Your objective →
Reproduce the data in full, exactly as it appears.

Information supplied →
------

(* Let $T=(F_0,F_1)$ be a template of order $10$ and type $(4,4,4,4)$, and let $N$ be a $4$-net of order $10$ that is a refinement of $T$. Then: (i) the four points of $T$ of weight $4$ (type $1111$) lie in pairwise distinct rows and pairwise distinct columns; (ii) each row of $Q_2$ and each column of $Q_3$ contains exactly three cells of type ${*}{*}10$ and three cells of type ${*}{*}01$; (iii) each relational line of $N$ in $\Pi_2\cup\Pi_3$ contains exactly one point of $Q_1$ and exactly three points in each of $Q_2$, $Q_3$ and $Q_4$; (iv) each column of $Q_2$ and each row of $Q_3$ contains exactly two cells of type ${*}{*}01$ and two of type ${*}{*}10$; and each row and each column of $Q_4$ contains exactly two cells of type $0011$ and four cells of type $0000$. Here ${*}$ denotes an arbitrary bit.
   Context: A $k$-net of order $n$: a set of $n^2$ points and $kn$ lines (subsets of size $n$), each point on $k$ lines, lines partitioned into $k$ parallel classes $\Pi_0,\dots,\Pi_{k-1}$ of $n$ pairwise disjoint lines, lines from different classes meeting in exactly one point. A binary frequency square of order $n$ with frequencies $(n-\lambda,\lambda)$ is an $n\times n$ array over $\{0,1\}$ with exactly $\lambda$ ones in each row and each column; two such squares with frequencies $(n-\lambda,\lambda)$, $(n-\mu,\mu)$ are orthogonal if each pair $(a,b)\in\{0,1\}^2$ occurs in exactly $f_a f'_b$ cells, where $f_0=n-\lambda,f_1=\lambda,f'_0=n-\mu,f'_1=\mu$. For $n$ even and even $\lambda_0,\dots,\lambda_{k-1}$, a template of order $n$ and type $(\lambda_0,\dots,\lambda_{k-1})$ is a list $(F_0,\dots,F_{k-3})$ of mutually orthogonal binary frequency squares of order $n$, $F_{t-2}$ having frequencies $(n-\lambda_t,\lambda_t)$, where rows $0,\dots,\lambda_0-1$ and columns $0,\dots,\lambda_1-1$ are called relational; the type of cell $(i,j)$ is the string $(x,y,F_0[i,j],\dots,F_{k-3}[i,j])$ with $x=1$ iff row $i$ is relational and $y=1$ iff column $j$ is relational; its weight is the number of ones in its type, and it is required that every cell has weight $\equiv\frac12\sum_i\lambda_i\pmod 2$. A $k$-net $N$ with parallel classes $\Pi_0,\dots,\Pi_{k-1}$ is a refinement of $T$ if the lines of $\Pi_0$ and $\Pi_1$ can be labelled $0,\dots,n-1$ (rows and columns) so that, identifying each point with the cell (row label, column label), for each $t\ge2$ every line of $\Pi_t$ consists of cells on which $F_{t-2}$ is constant; a line of $\Pi_t$ ($t\ge 2$) is relational if $F_{t-2}$ equals $1$ on it, and relational rows/columns are the lines of $\Pi_0,\Pi_1$ labelled by relational rows/columns. For order $10$ and type $(4,4,4,4)$ the quadrants are: $Q_1$ = rows $0$–$3$ × columns $0$–$3$; $Q_2$ = rows $0$–$3$ × columns $4$–$9$; $Q_3$ = rows $4$–$9$ × columns $0$–$3$; $Q_4$ = rows $4$–$9$ × columns $4$–$9$. A ''row of $Q_2$'' means the 6 cells of one relational row in $Q_2$, a ''column of $Q_2$'' the 4 cells of one non-relational column in $Q_2$, and similarly for the other quadrants. *)

From mathcomp Require Import all_boot fingroup perm.
Set Implicit Arguments. Unset Strict Implicit. Unset Printing Implicit Defensive.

------

Response to this exercise →
(* Let $T=(F_0,F_1)$ be a template of order $10$ and type $(4,4,4,4)$, and let $N$ be a $4$-net of order $10$ that is a refinement of $T$. Then: (i) the four points of $T$ of weight $4$ (type $1111$) lie in pairwise distinct rows and pairwise distinct columns; (ii) each row of $Q_2$ and each column of $Q_3$ contains exactly three cells of type ${*}{*}10$ and three cells of type ${*}{*}01$; (iii) each relational line of $N$ in $\Pi_2\cup\Pi_3$ contains exactly one point of $Q_1$ and exactly three points in each of $Q_2$, $Q_3$ and $Q_4$; (iv) each column of $Q_2$ and each row of $Q_3$ contains exactly two cells of type ${*}{*}01$ and two of type ${*}{*}10$; and each row and each column of $Q_4$ contains exactly two cells of type $0011$ and four cells of type $0000$. Here ${*}$ denotes an arbitrary bit.
   Context: A $k$-net of order $n$: a set of $n^2$ points and $kn$ lines (subsets of size $n$), each point on $k$ lines, lines partitioned into $k$ parallel classes $\Pi_0,\dots,\Pi_{k-1}$ of $n$ pairwise disjoint lines, lines from different classes meeting in exactly one point. A binary frequency square of order $n$ with frequencies $(n-\lambda,\lambda)$ is an $n\times n$ array over $\{0,1\}$ with exactly $\lambda$ ones in each row and each column; two such squares with frequencies $(n-\lambda,\lambda)$, $(n-\mu,\mu)$ are orthogonal if each pair $(a,b)\in\{0,1\}^2$ occurs in exactly $f_a f'_b$ cells, where $f_0=n-\lambda,f_1=\lambda,f'_0=n-\mu,f'_1=\mu$. For $n$ even and even $\lambda_0,\dots,\lambda_{k-1}$, a template of order $n$ and type $(\lambda_0,\dots,\lambda_{k-1})$ is a list $(F_0,\dots,F_{k-3})$ of mutually orthogonal binary frequency squares of order $n$, $F_{t-2}$ having frequencies $(n-\lambda_t,\lambda_t)$, where rows $0,\dots,\lambda_0-1$ and columns $0,\dots,\lambda_1-1$ are called relational; the type of cell $(i,j)$ is the string $(x,y,F_0[i,j],\dots,F_{k-3}[i,j])$ with $x=1$ iff row $i$ is relational and $y=1$ iff column $j$ is relational; its weight is the number of ones in its type, and it is required that every cell has weight $\equiv\frac12\sum_i\lambda_i\pmod 2$. A $k$-net $N$ with parallel classes $\Pi_0,\dots,\Pi_{k-1}$ is a refinement of $T$ if the lines of $\Pi_0$ and $\Pi_1$ can be labelled $0,\dots,n-1$ (rows and columns) so that, identifying each point with the cell (row label, column label), for each $t\ge2$ every line of $\Pi_t$ consists of cells on which $F_{t-2}$ is constant; a line of $\Pi_t$ ($t\ge 2$) is relational if $F_{t-2}$ equals $1$ on it, and relational rows/columns are the lines of $\Pi_0,\Pi_1$ labelled by relational rows/columns. For order $10$ and type $(4,4,4,4)$ the quadrants are: $Q_1$ = rows $0$–$3$ × columns $0$–$3$; $Q_2$ = rows $0$–$3$ × columns $4$–$9$; $Q_3$ = rows $4$–$9$ × columns $0$–$3$; $Q_4$ = rows $4$–$9$ × columns $4$–$9$. A ''row of $Q_2$'' means the 6 cells of one relational row in $Q_2$, a ''column of $Q_2$'' the 4 cells of one non-relational column in $Q_2$, and similarly for the other quadrants. *)

From mathcomp Require Import all_boot fingroup perm.
Set Implicit Arguments. Unset Strict Implicit. Unset Printing Implicit Defensive.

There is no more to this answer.